» Collected data
==============================
(* Let $\mu\neq 0$ and $K$ be constants and set $\tau:=-K/\mu$. The non-constant solutions $\phi(b^2,s)$ of the system $$\phi_{22}=2(\phi_1-s\phi_{12}),\qquad -\mu b^2\left[\psi^2-(\psi_2+2s\psi_1)\right]+\mu s\psi+\mu=K\phi^2,\quad \psi:=\frac{\phi_2+2s\phi_1}{2\phi},$$ are given by $$\phi(u,v)=\frac{2q(u)\left(\sqrt{u+v^2}\pm v\right)^2}{\left[q(u)\left(\sqrt{u+v^2}\pm v\right)^2+p(u)\right]^2+\tau},\qquad u:=b^2-s^2,\ v:=s,$$ where the functions $p(u)$ and $q(u)$ satisfy $$uq^2p'+(p^2+\tau)q'=0,\qquad qp'-2pq'-uqq'-2q^2=0.$$
   Context: $\phi(b^2,s)$ is a smooth positive function; $\phi_1,\psi_1$ denote partial derivatives with respect to the first variable $b^2$, $\phi_2,\psi_2$ with respect to $s$, similarly $\phi_{12},\phi_{22}$; $p',q'$ denote derivatives with respect to $u$. *)

From Stdlib Require Import Reals List.
From Coquelicot Require Import Coquelicot.
Open Scope R_scope.

(* Partial derivatives of a function phi(x, s) of two real variables,
   where x stands for b^2 (first variable) and s for the second variable. *)
Definition d1 (f : R -> R -> R) : R -> R -> R :=
  fun x s => Derive (fun y => f y s) x.
Definition d2 (f : R -> R -> R) : R -> R -> R :=
  fun x s => Derive (fun t => f x t) s.

Fixpoint pderiv (l : list bool) (f : R -> R -> R) : R -> R -> R :=
  match l with
  | nil => f
  | b :: l' => if b then d1 (pderiv l' f) else d2 (pderiv l' f)
  end.

(* The domain of (b^2, s): 0 < b^2 < b0^2 and |s| < b. *)
Definition dom (b0 x s : R) : Prop := 0 < x < b0 ^ 2 /\ s ^ 2 < x.

Definition smooth_on (b0 : R) (f : R -> R -> R) : Prop :=
  forall (l : list bool) (x s : R), dom b0 x s ->
    ex_derive (fun y => pderiv l f y s) x /\
    ex_derive (fun t => pderiv l f x t) s /\
    continuous (fun z : R * R => pderiv l f (fst z) (snd z)) (x, s).

Definition psi_of (phi : R -> R -> R) : R -> R -> R :=
  fun x s => (d2 phi x s + 2 * s * d1 phi x s) / (2 * phi x s).

Definition pde_system (mu K : R) (phi : R -> R -> R) (x s : R) : Prop :=
  d2 (d2 phi) x s = 2 * (d1 phi x s - s * d2 (d1 phi) x s) /\
  (let psi := psi_of phi in
   - mu * x * ((psi x s) ^ 2 - (d2 psi x s + 2 * s * d1 psi x s))
   + mu * s * psi x s + mu = K * (phi x s) ^ 2).

Definition phi_formula (eps tau : R) (p q : R -> R) (u v : R) : R :=
  let w := (sqrt (u + v ^ 2) + eps * v) ^ 2 in
  2 * q u * w / ((q u * w + p u) ^ 2 + tau).

(* Along a parabola x = u + s^2 (u = b^2 - s^2 fixed) put H(v) = phi(u + v^2, v) and
   Q(v) = psi(u + v^2, v).  Then H' = phi_2 + 2 v phi_1 = 2 Q H and Q' = psi_2 + 2 v psi_1, so the
   second equation of the system says exactly Q' = Q^2 + (-tau H^2 - 1 - v Q)/(u + v^2).
   This ODE has three first integrals, whence
     1/phi = a(u) (sqrt x + s)^2 + c(u) (sqrt x - s)^2 + p(u),
     4 a c u^2 - p^2 = tau,   p + u (a + c) = 1/f,   f(u) = phi(u, 0).
   On the axis s = 0 the first equation (phi_22 = 2 phi_1 there), the s-derivative of the
   second one and phi_12 = phi_21 determine f' and (psi(u,0))', and then
   a' = -2 a^2 f, c' = -2 c^2 f, p' = 4 a c u f.  So a vanishes nowhere unless it vanishes
   identically, likewise c, and if both vanished p and hence phi would be constant.  With
   q = 2a (or q = 2c and s -> -s) the representation of 1/phi is the closed form, and the two
   relations between p and q are the equations for p', q' combined with the constraints. *)

From Stdlib Require Import Reals Lra Psatz Classical.
From Coquelicot Require Import Coquelicot.
Open Scope R_scope.

(* The first pattern matches the eta-expanded [Derive (fun x => f x)] left by [auto_derive]. *)
Ltac rewrite_derive Hd :=
  match type of Hd with is_derive ?f ?x ?l =>
    first [ replace (Derive (fun y : R => f y) x) with l
              by (symmetry; exact (is_derive_unique f x l Hd))
          | replace (Derive f x) with l by (symmetry; exact (is_derive_unique f x l Hd)) ]
  end.

(** * Calculus of one and two real variables *)

Lemma is_derive_zero_const (f : R -> R) (l r : R) :
  (forall t, l < t < r -> is_derive f t 0) ->
  forall x y, l < x < r -> l < y < r -> f x = f y.
Proof.
  intros Hd x y Hx Hy.
  assert (Hin : forall t, Rmin x y <= t <= Rmax x y -> l < t < r).
  { intros t [Ht1 Ht2]. split.
    - apply Rlt_le_trans with (Rmin x y); [apply Rmin_glb_lt|]; lra.
    - apply Rle_lt_trans with (Rmax x y); [|apply Rmax_lub_lt]; lra. }
  destruct (MVT_gen f x y (fun _ => 0)) as [c [_ Hc]].
  - intros t Ht. apply Hd, Hin. lra.
  - intros t Ht. apply continuity_pt_filterlim, (ex_derive_continuous f).
    exists 0. apply Hd, Hin, Ht.
  - lra.
Qed.

Lemma ex_antiderivative (g : R -> R) (l r t0 : R) :
  (forall t, l < t < r -> continuous g t) -> l < t0 < r ->
  exists G : R -> R, forall t, l < t < r -> is_derive G t (g t).
Proof.
  intros Hc Ht0. exists (fun t => RInt g t0 t). intros t Ht.
  apply (is_derive_RInt g _ t0 t); [|now apply Hc].
  assert (Hd : 0 < Rmin (t - l) (r - t)) by (apply Rmin_pos; lra).
  exists (mkposreal _ Hd). intros y Hy. cbn in Hy.
  unfold AbsRing_ball, abs, minus, plus, opp in Hy. cbn in Hy. apply Rabs_def2 in Hy.
  pose proof (Rmin_l (t - l) (r - t)). pose proof (Rmin_r (t - l) (r - t)).
  apply (RInt_correct g), ex_RInt_continuous. intros z [Hz1 Hz2]. apply Hc. split.
  - apply Rlt_le_trans with (Rmin t0 y); [apply Rmin_glb_lt|]; lra.
  - apply Rle_lt_trans with (Rmax t0 y); [|apply Rmax_lub_lt]; lra.
Qed.

(* [a exp(-G)] has zero derivative, [G] an antiderivative of [g]. *)
Lemma linear_ode_zero_propagates (a g : R -> R) (l r : R) :
  (forall t, l < t < r -> is_derive a t (g t * a t)) ->
  (forall t, l < t < r -> continuous g t) ->
  forall t1 t2, l < t1 < r -> l < t2 < r -> a t1 = 0 -> a t2 = 0.
Proof.
  intros Ha Hg t1 t2 Ht1 Ht2 Ha1.
  destruct (ex_antiderivative g l r t1 Hg Ht1) as [G HG].
  assert (Hconst : forall t, l < t < r -> is_derive (fun t => a t * exp (- G t)) t 0).
  { intros t Ht. pose proof (Ha t Ht) as Hat. pose proof (HG t Ht) as HGt.
    auto_derive.
    - repeat split; eexists; eauto.
    - rewrite_derive Hat. rewrite_derive HGt. ring. }
  pose proof (is_derive_zero_const _ l r Hconst t2 t1 Ht2 Ht1) as E. cbv beta in E.
  rewrite Ha1, Rmult_0_l in E. pose proof (exp_pos (- G t2)). nra.
Qed.

Lemma is_derive_linear_approx (f : R -> R) (y l : R) (eps : posreal) :
  is_derive f y l ->
  exists d : posreal, forall v, Rabs (v - y) < d -> Rabs (f v - f y - l * (v - y)) <= eps * Rabs (v - y).
Proof.
  intros [_ Hf]. destruct (Hf y (fun P HP => HP) eps) as [d Hd].
  exists d. intros v Hv. specialize (Hd v Hv).
  unfold norm, minus, plus, opp, scal in Hd. cbn in Hd.
  unfold abs, mult in Hd. cbn in Hd.
  replace (f v - f y - l * (v - y)) with (f v + - f y + - ((v + - y) * l)) by ring.
  replace (v - y) with (v + - y) by ring. exact Hd.
Qed.

Lemma differentiable_pt_lim_of_partials (f : R -> R -> R) (x y l2 : R) :
  locally_2d (fun u v => ex_derive (fun z => f z v) u) x y ->
  continuity_2d_pt (d1 f) x y ->
  is_derive (fun v => f x v) y l2 ->
  differentiable_pt_lim f x y (d1 f x y) l2.
Proof.
  intros [d Hd] Hc H2 eps.
  assert (He2 : 0 < eps / 2) by (pose proof (cond_pos eps); lra).
  destruct (Hc (mkposreal _ He2)) as [dc Hdc].
  destruct (is_derive_linear_approx _ y l2 (mkposreal _ He2) H2) as [dy Hdy].
  cbn in Hdc, Hdy.
  assert (Hm : 0 < Rmin d (Rmin dc dy)) by (repeat apply Rmin_pos; apply cond_pos).
  exists (mkposreal _ Hm). cbn. intros u v Hu Hv.
  pose proof (Rmin_l d (Rmin dc dy)). pose proof (Rmin_r d (Rmin dc dy)).
  pose proof (Rmin_l dc dy). pose proof (Rmin_r dc dy).
  assert (Hx : Rabs (f u v - d1 f x y * u - (f x v - d1 f x y * x)) <= eps / 2 * Rabs (u - x)).
  { apply (bounded_variation (fun z => f z v - d1 f x y * z) (fun z => d1 f z v - d1 f x y)).
    intros t Ht. split.
    - auto_derive; [apply Hd; lra | unfold d1; ring].
    - apply Rlt_le, Hdc; lra. }
  specialize (Hdy v ltac:(lra)).
  replace (f u v - f x y - (d1 f x y * (u - x) + l2 * (v - y)))
    with ((f u v - d1 f x y * u - (f x v - d1 f x y * x)) + (f x v - f x y - l2 * (v - y))) by ring.
  eapply Rle_trans; [apply Rabs_triang|].
  pose proof (Rmax_l (Rabs (u - x)) (Rabs (v - y))). pose proof (Rmax_r (Rabs (u - x)) (Rabs (v - y))).
  pose proof (cond_pos eps). nra.
Qed.

Lemma is_derive_comp_2d (f : R -> R -> R) (X Y : R -> R) (t lX lY l2 : R) :
  locally_2d (fun u v => ex_derive (fun z => f z v) u) (X t) (Y t) ->
  continuity_2d_pt (d1 f) (X t) (Y t) ->
  is_derive (fun v => f (X t) v) (Y t) l2 ->
  is_derive X t lX -> is_derive Y t lY ->
  is_derive (fun t => f (X t) (Y t)) t (d1 f (X t) (Y t) * lX + l2 * lY).
Proof.
  intros Hd Hc H2 HX HY. apply is_derive_Reals.
  apply derivable_pt_lim_comp_2d; [apply differentiable_pt_lim_of_partials; auto| |];
    apply is_derive_Reals; auto.
Qed.

Lemma is_derive_along_parabola (g : R -> R -> R) (u v : R) :
  locally_2d (fun x s => ex_derive (fun z => g z s) x) (u + v ^ 2) v ->
  continuity_2d_pt (d1 g) (u + v ^ 2) v ->
  ex_derive (fun s => g (u + v ^ 2) s) v ->
  is_derive (fun w => g (u + w ^ 2) w) v (2 * v * d1 g (u + v ^ 2) v + d2 g (u + v ^ 2) v).
Proof.
  intros Hd Hc [l2 H2].
  replace (d2 g (u + v ^ 2) v) with l2 by (symmetry; exact (is_derive_unique _ _ _ H2)).
  replace (2 * v * d1 g (u + v ^ 2) v + l2) with (d1 g (u + v ^ 2) v * (2 * v) + l2 * 1) by ring.
  apply (is_derive_comp_2d g (fun w => u + w ^ 2) (fun w => w)); auto.
  - auto_derive; [easy | ring].
  - auto_derive; [easy | ring].
Qed.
==============================
» PROBLEM TO SOLVE
Take the lines from the start of the records through the line holding "continuous (fun z", both included, and please print them exactly, with nothing else.

» ANSWER SECTION
(* Let $\mu\neq 0$ and $K$ be constants and set $\tau:=-K/\mu$. The non-constant solutions $\phi(b^2,s)$ of the system $$\phi_{22}=2(\phi_1-s\phi_{12}),\qquad -\mu b^2\left[\psi^2-(\psi_2+2s\psi_1)\right]+\mu s\psi+\mu=K\phi^2,\quad \psi:=\frac{\phi_2+2s\phi_1}{2\phi},$$ are given by $$\phi(u,v)=\frac{2q(u)\left(\sqrt{u+v^2}\pm v\right)^2}{\left[q(u)\left(\sqrt{u+v^2}\pm v\right)^2+p(u)\right]^2+\tau},\qquad u:=b^2-s^2,\ v:=s,$$ where the functions $p(u)$ and $q(u)$ satisfy $$uq^2p'+(p^2+\tau)q'=0,\qquad qp'-2pq'-uqq'-2q^2=0.$$
   Context: $\phi(b^2,s)$ is a smooth positive function; $\phi_1,\psi_1$ denote partial derivatives with respect to the first variable $b^2$, $\phi_2,\psi_2$ with respect to $s$, similarly $\phi_{12},\phi_{22}$; $p',q'$ denote derivatives with respect to $u$. *)

From Stdlib Require Import Reals List.
From Coquelicot Require Import Coquelicot.
Open Scope R_scope.

(* Partial derivatives of a function phi(x, s) of two real variables,
   where x stands for b^2 (first variable) and s for the second variable. *)
Definition d1 (f : R -> R -> R) : R -> R -> R :=
  fun x s => Derive (fun y => f y s) x.
Definition d2 (f : R -> R -> R) : R -> R -> R :=
  fun x s => Derive (fun t => f x t) s.

Fixpoint pderiv (l : list bool) (f : R -> R -> R) : R -> R -> R :=
  match l with
  | nil => f
  | b :: l' => if b then d1 (pderiv l' f) else d2 (pderiv l' f)
  end.

(* The domain of (b^2, s): 0 < b^2 < b0^2 and |s| < b. *)
Definition dom (b0 x s : R) : Prop := 0 < x < b0 ^ 2 /\ s ^ 2 < x.

Definition smooth_on (b0 : R) (f : R -> R -> R) : Prop :=
  forall (l : list bool) (x s : R), dom b0 x s ->
    ex_derive (fun y => pderiv l f y s) x /\
    ex_derive (fun t => pderiv l f x t) s /\
    continuous (fun z : R * R => pderiv l f (fst z) (snd z)) (x, s).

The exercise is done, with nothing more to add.